Ethical Realism

August 22, 2012

Not All Good Arguments Are Logically Sound Part 2

Filed under: philosophy — JW Gray @ 12:18 am
Tags: , , , , , , , ,

See Part 1 here. (I advise you to read part 1 first.)

One reason that not all good arguments are logically sound is because good arguments used in science are inductive, and inductive arguments are not meant to be logically sound. However, not all good deductive arguments are logically sound either. There is a sense that deductive arguments would ideally be logically sound, but some deductive arguments have sufficiently justified premises, even if those premises aren’t known to be true for certain. A good deductive argument must be logically valid, and it must have sufficiently justified premises. Even so, not all good deductive arguments are logically sound.

A good way to know if good deductive arguments can fail to be logically sound is to consider a good deductive argument that can fail to be logically sound. An uncontroversial example of a good argument is the following:

  1. All men are mortal.
  2. Socrates is a man.
  3. Therefore, Socrates is mortal.

Is this argument logically sound? Probably, but maybe not. The premises are sufficiently justified, but that doesn’t mean we know they are true for certain. If the premises are true, then it’s sound. If the premises are false, then it is not sound. We need to know why we would believe the conclusion is true. The reason that we should believe the conclusion is true is because the premises are well-justified, not because we know the argument is sound.

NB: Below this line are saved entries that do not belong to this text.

Theorem lemma2 (R : realType) (lambda : R) (M U : nat)
  (N : 'I_U -> nat) (W P : 'I_U -> R)
  (L : 'I_U -> nat)
  (gamma : forall u, 'I_(L u) -> R[i]) (beta theta : forall u, 'I_(L u) -> R) :
  0 < lambda -> (0 < M)%N -> (forall u, 0 < N u)%N ->
  (forall u, 0 < W u) -> (forall u, 0 < P u) ->
  (forall u l, 0 <= beta u l <= pi) -> (forall u l, 0 <= theta u l <= pi) ->
  forall HL : (forall u, L u = 1%N),
  let d := lambda / 2 in
  let G u w := chan lambda d M (gamma u) (beta u) (theta u) w in
  let Cstar := opt_value (fun c => exists (Q : forall u, 'M[R[i]]_(N u))
                                     (w : forall u, 'I_(N u) -> R),
      (forall u, psd (Q u) /\ \tr (Q u) <= rC (P u)) /\
      (forall u n, 0 <= w u n <= W u) /\
      (forall u, injective (w u)) /\
      c = logdet ((\sum_(u < U) (G u (w u) *m Q u *m hermT (G u (w u)))) + 1%:M)) in
  let Cub := opt_value (fun c => exists (Qt : forall u, 'M[R[i]]_(L u)),
      (forall u, psd (Qt u) /\ \tr (Qt u) <= rC ((L u)%:R * P u)) /\
      c = logdet (\sum_(u < U)
             (rC (M%:R * (N u)%:R) *: (AR lambda d M (beta u) *m Gam (gamma u)
                 *m Qt u *m hermT (Gam (gamma u)) *m hermT (AR lambda d M (beta u))))
             + 1%:M)) in
  let v := logdet (\sum_(u < U)
      (rC (M%:R * (N u)%:R * P u) * `|gamma u (cast_ord (esym (HL u)) ord0)| ^+ 2
        *: (aR lambda d M (beta u (cast_ord (esym (HL u)) ord0))
             *m hermT (aR lambda d M (beta u (cast_ord (esym (HL u)) ord0))))) + 1%:M) in
  Cstar v /\ Cub v.
Proof.
move=> _ _ N_gt0 W_gt0 P_gt0 _ _ HL d G Cstar Cub v.
pose l u := cast_ord (esym (HL u)) ord0.
pose a u := aR lambda d M (beta u (l u)).
pose K u := rC (M%:R * (N u)%:R) * `|gamma u (l u)| ^+ 2.
have K_ge0 u : 0 <= K u by rewrite mulr_ge0 ?exprn_ge0 // lecR mulr_ge0 ?ler0n.
have -> : v = logdet_outer a (fun u => K u * rC (P u)).
  apply: logdet_sum_outerE => u.
  by rewrite /K /rC !rmorphM /=; congr (_ *: _); ring.
split; apply: opt_value_logdet_outer => //.
- pose w u := @equispaced _ (N u) (W u).
  pose t u := aT lambda (theta u (l u)) (w u).
  exists (fun u => beamformer (P u) (t u)), w.
  split; [|split; [|split]] => [u|u n|u|].
  + by apply: beamformer_feasible; rewrite ?cnorm2_aT ?ltW.
  + exact/equispaced_bounds/ltW.
  + exact: equispaced_inj.
  + apply/esym/logdet_sum_outerE => u.
    by rewrite /G chan_sandwich_path1 qf_beamformer ?cnorm2_aT.
- move=> _ [Q [w [Q_feas [_ [_ ->]]]]].
  exists (fun u => (hermT (aT lambda (theta u (l u)) (w u)) *m Q u *m
                    aT lambda (theta u (l u)) (w u)) 0 0).
    by move=> u; apply: qf_aT_bounds; case: (Q_feas u).
  by apply: logdet_sum_outerE => u; rewrite /G chan_sandwich_path1.
- exists (fun u => (rC (P u))%:M); split => [u|]; first exact/scalar_feasible/ltW.
  apply/esym/logdet_sum_outerE => u.
  by rewrite AR_sandwich_path1 mxE eqxx mulr1n.
- move=> _ [Qt [Qt_feas ->]]; exists (fun u => Qt u (l u) (l u)).
    by move=> u; apply: psd_entry_path1; case: (Qt_feas u).
  by apply: logdet_sum_outerE => u; rewrite AR_sandwich_path1.
Qed.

Consider the first premise in particular. Perhaps there is an immortal man who has kept his immortality a secret. If we found out a man is immortal, then the argument will no longer be a good argument. However, it would not be reasonable to require all good deductive arguments to have premises we know are true for absolute certain. Right now the premise is sufficiently justified and will remain so until we have significant counter-evidence against it. Imagine that all good deductive arguments had to use premises that we know are true for certain. In that case scientific conclusions could never be used for the premises of deductive arguments. Our best science concludes that all men are mortal, but sometimes scientific conclusions are discovered to be wrong. It would be absurd to say that no good deductive argument could use scientific conclusions as premises. Our best scientific conclusions are sufficiently justified and uncontroversial good deductive arguments can use our best scientific conclusions as premises.

Examples of scientific conclusions are “if the laws of nature will still exist tomorrow, then the law of gravity will still help us make predictions tomorrow” and “the laws of nature will still exist tomorrow.” A perfectly good deductive argument that uses these conclusions as premises is the following:

  1. The laws of nature will still exist tomorrow.
  2. If the laws of nature will still exist tomorrow, then the law of gravity will still help us make predictions tomorrow.
  3. Therefore, the law of gravity will help us make predictions tomorrow.

We don’t know that these premises are true for absolutely certain. Sometimes the conclusions of science are proven wrong at some later point. The laws of nature might not exist tomorrow. Even so, it is perfectly reasonable to assume they will. This is a good argument, but it might not be logically sound.

We can summarize my argument that not all deductive arguments are logically sound as the following:

  1. We know that the above deductive arguments are good arguments, but we don’t know for certain that they are logically sound. They are good arguments whether or not they are logically sound.
  2. If they are good arguments whether or not they are logically sound, then not all good deductive arguments are logically sound.
  3. Therefore, not all good deductive arguments are logically sound.

In conclusion, not all good deductive arguments are logically sound. We hope our good deductive arguments are logically sound, but sometimes they aren’t. Instead, I suggest that we define good deductive arguments as those that are logically valid with sufficiently justified premises.

Update (8/23/2012): I added the following clarification concerning why the first argument is good and why it doesn’t need to be logically sound — “We need to know why we would believe the conclusion is true. The reason that we should believe the conclusion is true is because the premises are well-justified, not because we know the argument is sound.” Additionally, I added a summary of my argument. Finally, someone replied with a lengthy email who seems to misunderstand this essay because he/she didn’t see part 1. If you strongly disagree or feel confused, make sure to read part 1.